How chatbots and conversational marketing are changing the landscape for marketers, and when is the best time to use either channel?
The rise of chatbots has created a new marketing channel called conversational marketing. From a business perspective, it’s an ideal way of personalizing the buyer journey to serve conversations when a buyer is seeking information. From a marketers perspective, it’s how we serve content to the right person at the right time. And from a user perspective, it’s a two-way conversation that provides information in bite-sized chunks when we need something.
So are chatbots ethical? And if you know it’s a chatbot, does that make it alright? Have Siri, Alexa, and Google Assistant changed people’s perspective on chatbots? And how are chatbots evading other channels?
Apple revolutionized the cell phone and music industry when users became fascinated with touch screens that could hold thousands of songs in their pocket with the iPhone. While Siri wasn’t the first chatbot, it certainly paved the way for how humans wanted to interact with a chatbot. It became clear that humans want to ask questions in ways that we normally talk with each other, thus creating conversational marketing. It also begs the answer that chatbots are ethical when users, humans, start the conversation.
Amazon’s Alexa removed conversational marketing from our pockets and place it into our homes. It provided an opportunity to interact with a chatbot at times we didn’t know we needed it most: morning news while we get ready, dinner recipes for the main ingredient we have on hand, setting reminders to help our future selves, and the list goes on.
It’s not just the Apple, Amazon, and Google’s of the world that embrace chatbots and conversational marketing.
It’s rare to visit a website these days without a conversation window popping open within 5 seconds and a chatbot asking to help.

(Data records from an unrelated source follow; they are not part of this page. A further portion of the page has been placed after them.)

(* Let $(V,c)$ be a braided vector space (i.e. $c\in GL(V\otimes V)$ satisfies $(c\otimes \mathrm{Id})(\mathrm{Id}\otimes c)(c\otimes \mathrm{Id})=(\mathrm{Id}\otimes c)(c\otimes \mathrm{Id})(\mathrm{Id}\otimes c)$) which is of left group-type (resp. right group-type) with respect to an ordered basis $[x_1,\ldots,x_m]$ of $V$, and define $S\in GL(V\otimes V)$ by $S(x_i\otimes x_j)=x_j\otimes x_i$. Then for every $n\ge 2$ the assignment $\sigma_i\mapsto \mathrm{Id}_V^{\otimes i-1}\otimes c\otimes \mathrm{Id}_V^{\otimes n-i-1}$, $s_i\mapsto \mathrm{Id}_V^{\otimes i-1}\otimes S\otimes \mathrm{Id}_V^{\otimes n-i-1}$ ($1\le i\le n-1$) defines a representation of $OLB_n$ (resp. of $LB_n$) on $V^{\otimes n}$; that is, $(V,c,S)$ is a loop braided vector space.
   Context: $(V,c)$ is of left group-type w.r.t. $[x_1,\ldots,x_m]$ if there are $g_i\in GL(V)$ with $c(x_i\otimes z)=g_i(z)\otimes x_i$ for all $i$, $z\in V$; of right group-type if there are $g_j\in GL(V)$ with $c(z\otimes x_j)=x_j\otimes g_j(z)$ for all $j$, $z\in V$. The loop braid group $LB_n$ is the group generated by $\sigma_i,s_i$ ($1\le i\le n-1$) subject to: $\sigma_i\sigma_{i+1}\sigma_i=\sigma_{i+1}\sigma_i\sigma_{i+1}$; $\sigma_i\sigma_j=\sigma_j\sigma_i$ for $|i-j|>1$; $s_is_{i+1}s_i=s_{i+1}s_is_{i+1}$; $s_is_j=s_js_i$ for $|i-j|>1$; $s_i^2=1$; $\sigma_is_j=s_j\sigma_i$ for $|i-j|>1$; (L1) $s_is_{i+1}\sigma_i=\sigma_{i+1}s_is_{i+1}$; (L2) $\sigma_i\sigma_{i+1}s_i=s_{i+1}\sigma_i\sigma_{i+1}$. The group $OLB_n$ has the same generators and relations except that (L2) is replaced by (L3) $s_i\sigma_{i+1}\sigma_i=\sigma_{i+1}\sigma_is_{i+1}$. A triple $(V,c,S)$ with $S\in GL(V\otimes V)$ is called a loop braided vector space if the local assignment in the claim defines a representation of $LB_n$ or $OLB_n$. *)

(* V = K^m with its standard ordered basis x_1..x_m (indices 'I_m).
   V^{(x)n} has basis the words {ffun 'I_n -> 'I_m}; linear operators are square
   matrices indexed (via enum_rank/enum_val) by the basis of the tensor power,
   acting on column vectors: entry (w', w) = coefficient of basis word w' in the
   image of basis word w. *)
From HB Require Import structures.
From mathcomp Require Import all_boot all_order all_algebra.
Set Implicit Arguments. Unset Strict Implicit. Unset Printing Implicit Defensive.
Import GRing.Theory.
Local Open Scope ring_scope.

Section LoopBraided.
Variables (K : fieldType) (m : nat).

(* basis of V (x) V : pairs (i,j) standing for x_i (x) x_j *)
Definition Pair := ('I_m * 'I_m)%type.
Definition Word (n : nat) := {ffun 'I_n -> 'I_m}.

Definition mxOf (W : finType) (f : W -> W -> K) : 'M[K]_#|W| :=
  \matrix_(a, b) f (enum_val a) (enum_val b).
Definition coef (W : finType) (A : 'M[K]_#|W|) (w' w : W) : K :=
  A (enum_rank w') (enum_rank w).

Definition tens2 (u v : 'cV[K]_m) : 'cV[K]_#|{: Pair}| :=
  \col_a (u (enum_val a).1 0 * v (enum_val a).2 0).
Definition bvec (i : 'I_m) : 'cV[K]_m := \col_k (k == i)%:R.

Definition left_group_type (c : 'M[K]_#|{: Pair}|) : Prop :=
  exists g : 'I_m -> 'M[K]_m, forall i, g i \in unitmx /\
    forall z : 'cV[K]_m, c *m tens2 (bvec i) z = tens2 (g i *m z) (bvec i).
Definition right_group_type (c : 'M[K]_#|{: Pair}|) : Prop :=
  exists g : 'I_m -> 'M[K]_m, forall j, g j \in unitmx /\
    forall z : 'cV[K]_m, c *m tens2 z (bvec j) = tens2 (bvec j) (g j *m z).

Definition flipmx : 'M[K]_#|{: Pair}| :=
  mxOf (fun (b a : Pair) => ((b.1 == a.2) && (b.2 == a.1))%:R).

(* Id^{(x) i} (x) A (x) Id^{(x) n-i-2} on V^{(x) n}, A acting on tensor positions
   i, i+1 (0-indexed; i.e. the paper's position i+1).  Out-of-range i gives 1. *)
Definition locmx (n : nat) (A : 'M[K]_#|{: Pair}|) (i : nat) : 'M[K]_#|{: Word n}| :=
  match (insub i : option 'I_n), (insub i.+1 : option 'I_n) with
  | Some p, Some q =>
      mxOf (fun w' w : Word n =>
        if [forall k : 'I_n, ((k != p) && (k != q)) ==> (w' k == w k)]
        then coef A (w' p, w' q) (w p, w q) else 0)
  | _, _ => 1%:M
  end.

Definition braided (c : 'M[K]_#|{: Pair}|) : Prop :=
  c \in unitmx /\
  locmx 3 c 0 *m locmx 3 c 1 *m locmx 3 c 0 = locmx 3 c 1 *m locmx 3 c 0 *m locmx 3 c 1.

(* Relations common to LB_n and OLB_n, for images sg i, s i (generators indexed
   0 <= i < n-1, i.e. the paper's sigma_{i+1}, s_{i+1}); plus invertibility. *)
Definition far (i j : nat) := (i.+1 < j)%N || (j.+1 < i)%N.
Definition common_rels (n : nat) (sg s : nat -> 'M[K]_#|{: Word n}|) : Prop :=
  (forall i, (i.+1 < n)%N -> sg i \in unitmx /\ s i \in unitmx) /\
      (forall i, (i.+2 < n)%N -> sg i *m sg i.+1 *m sg i = sg i.+1 *m sg i *m sg i.+1) /\
      (forall i j, (i.+1 < n)%N -> (j.+1 < n)%N -> far i j -> sg i *m sg j = sg j *m sg i) /\
      (forall i, (i.+2 < n)%N -> s i *m s i.+1 *m s i = s i.+1 *m s i *m s i.+1) /\
      (forall i j, (i.+1 < n)%N -> (j.+1 < n)%N -> far i j -> s i *m s j = s j *m s i) /\
      (forall i, (i.+1 < n)%N -> s i *m s i = 1%:M) /\
      (forall i j, (i.+1 < n)%N -> (j.+1 < n)%N -> far i j -> sg i *m s j = s j *m sg i) /\
      (* (L1) *)
      (forall i, (i.+2 < n)%N -> s i *m s i.+1 *m sg i = sg i.+1 *m s i *m s i.+1).

Definition LB_rep (n : nat) (sg s : nat -> 'M[K]_#|{: Word n}|) : Prop :=
  common_rels sg s /\
  (* (L2) *)
  (forall i, (i.+2 < n)%N -> sg i *m sg i.+1 *m s i = s i.+1 *m sg i *m sg i.+1).

Definition OLB_rep (n : nat) (sg s : nat -> 'M[K]_#|{: Word n}|) : Prop :=
  common_rels sg s /\
  (* (L3) *)
  (forall i, (i.+2 < n)%N -> s i *m sg i.+1 *m sg i = sg i.+1 *m sg i *m s i.+1).

End LoopBraided.

From HB Require Import structures.
From mathcomp Require Import all_boot all_order all_algebra.
From mathcomp Require Import ring zify.
Set Implicit Arguments. Unset Strict Implicit. Unset Printing Implicit Defensive.
Import GRing.Theory.
Local Open Scope ring_scope.

(* Embedding an operator on k+1 consecutive tensor factors into V^{(x) n+1},
   acting as the identity on the other factors, is multiplicative and sends
   the local operators on V^{(x) k+1} to local operators on V^{(x) n+1}.  Hence
   each relation between adjacent generators reduces to V^{(x) 3}, while
   invertibility and s_i^2 = 1 reduce to V^{(x) 2}; far-apart generators act on
   disjoint factors and commute.  On V^{(x) 3}, S_1 S_2 conjugates c_1 into c_2,
   which is (L1) for every c.  If c(x_a (x) z) = g_a z (x) x_a, then c_2 c_1 maps
   x_a (x) y (x) z to g_a y (x) g_a z (x) x_a, so it intertwines the flip of
   the last two factors with that of the first two: this is (L3).  The right
   group-type case (L2) is the mirror image. *)

Section Kernels.
Variable K : fieldType.

Definition kmul (W : finType) (f g : W -> W -> K) (a b : W) : K :=
  \sum_u f a u * g u b.

Lemma coef_mxOf (W : finType) (f : W -> W -> K) a b : coef (mxOf f) a b = f a b.
Proof. by rewrite /coef /mxOf mxE !enum_rankK. Qed.

Lemma mxOf_coef (W : finType) (M : 'M[K]_#|W|) : mxOf (coef M) = M.
Proof. by apply/matrixP => i j; rewrite /mxOf /coef mxE !enum_valK. Qed.

Lemma eq_mxOf (W : finType) (f g : W -> W -> K) : f =2 g -> mxOf f = mxOf g.
Proof. by move=> efg; apply/matrixP => i j; rewrite !mxE efg. Qed.

Lemma mulmx_mxOf (W : finType) (f g : W -> W -> K) :
  mxOf f *m mxOf g = mxOf (kmul f g).
Proof.
apply/matrixP => i j; rewrite !mxE /kmul [RHS]big_enum_val /=.
by apply: eq_bigr => k _; rewrite !mxE.
Qed.

Lemma coef_mulmx (W : finType) (M N : 'M[K]_#|W|) a b :
  coef (M *m N) a b = kmul (coef M) (coef N) a b.
Proof. by rewrite -{1}(mxOf_coef M) -{1}(mxOf_coef N) mulmx_mxOf coef_mxOf. Qed.

Lemma coef1mx (W : finType) (a b : W) :
  coef (1%:M : 'M[K]_#|W|) a b = (a == b)%:R.
Proof. by rewrite /coef mxE (inj_eq enum_rank_inj). Qed.

Lemma mxOf_eq1 (W : finType) :
  mxOf (fun a b : W => (a == b)%:R) = 1%:M :> 'M[K]_#|W|.
Proof. by rewrite -(mxOf_coef 1%:M); apply: eq_mxOf => a b; rewrite coef1mx. Qed.

Lemma kmul_permL (W : finType) (s : W -> W) : involutive s ->
  forall (X : W -> W -> K) a b, kmul (fun a b => (a == s b)%:R) X a b = X (s a) b.
Proof.
move=> sK X a b; rewrite /kmul (big_only1 (s a)) //= ?sK ?eqxx ?mul1r //.
by move=> u nu _; case: eqP => [e|]; [rewrite e sK eqxx in nu | rewrite mul0r].
Qed.

Lemma kmul_permR (W : finType) (s : W -> W) (X : W -> W -> K) a b :
  kmul X (fun a b => (a == s b)%:R) a b = X a (s b).
Proof.
rewrite /kmul (big_only1 (s b)) //= ?eqxx ?mulr1 //.
by move=> u /negbTE -> _; rewrite mulr0.
Qed.

End Kernels.

Lemma eq_inord N (x : 'I_N.+1) j : (j < N.+1)%N -> (x == inord j) = (x == j :> nat).
Proof. by move=> ltjN; rewrite -val_eqE /= inordK. Qed.

Lemma insub_inord N j : (j < N.+1)%N -> (insub j : option 'I_N.+1) = Some (inord j).
Proof.
move=> ltjN; case: insubP => [u _ eu|]; last by rewrite ltjN.
by congr Some; apply: val_inj; rewrite /= inordK // -eu.
Qed.

Section Window.
Variables (K : fieldType) (m n k i : nat).
Hypothesis window_le : (i + k <= n)%N.
Local Notation Wn := (Word m n.+1).
Local Notation Wk := (Word m k.+1).

Definition in_window (x : 'I_n.+1) := (i <= x <= i + k)%N.
Definition restr (w : Wn) : Wk := [ffun t : 'I_k.+1 => w (inord (i + t))].
Definition splice (w : Wn) (t : Wk) : Wn :=
  [ffun x => if in_window x then t (inord (x - i)) else w x].
Definition agree_off (w' w : Wn) := [forall x, ~~ in_window x ==> (w' x == w x)].
Definition lift_ker (F : Wk -> Wk -> K) (w' w : Wn) : K :=
  if agree_off w' w then F (restr w') (restr w) else 0.
Definition embedmx (M : 'M[K]_#|{: Wk}|) : 'M[K]_#|{: Wn}| :=
  mxOf (lift_ker (coef M)).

But it’s also these same chatbots using conversational marketing in a way that can seem obtrusive.
Perhaps it’s because we, as humans, didn’t ask the question or seek out the chatbot as we would on our phones or in our homes. Imagine if Alexa started asking you questions throughout the day! How obnoxious to have a chatterbox chatbot interrupting you... But somehow corporations and marketers think it's okay to interrupt a person's buying experience on the web? It has created a one-way conversational marketing channel, like Intercom, in hopes that the user will reply to turn into a two-way conversation. And sometimes it works.
When it’s the right message on the right page, it can work. Conversational marketing works best when questions are initiated (sound familiar?), and having a chatbot to provide support by answering a question (vs letting me know a human will get in touch with me during normal business hours) is like gold these days!
It doesn’t work when a chat box opens up the millisecond a page is loaded and becomes the complete opposite of being helpful. It doesn’t work when a chatbot interrupts an entire page, ultimately annoying users so much that they bounce instead of engaging with the landing page they were originally seeking.
Let’s look at another layer of chatbots used in email marketing.
Is it ethical to create personalized responses that answer a company’s frequently asked questions? From a business perspective, it’s the fastest way to scale and provide support to common questions, such as common questions about price or product features. But is it ethical if users don't know they are engaging with a chatbot? Does it matter who answers our questions - human or chatbot?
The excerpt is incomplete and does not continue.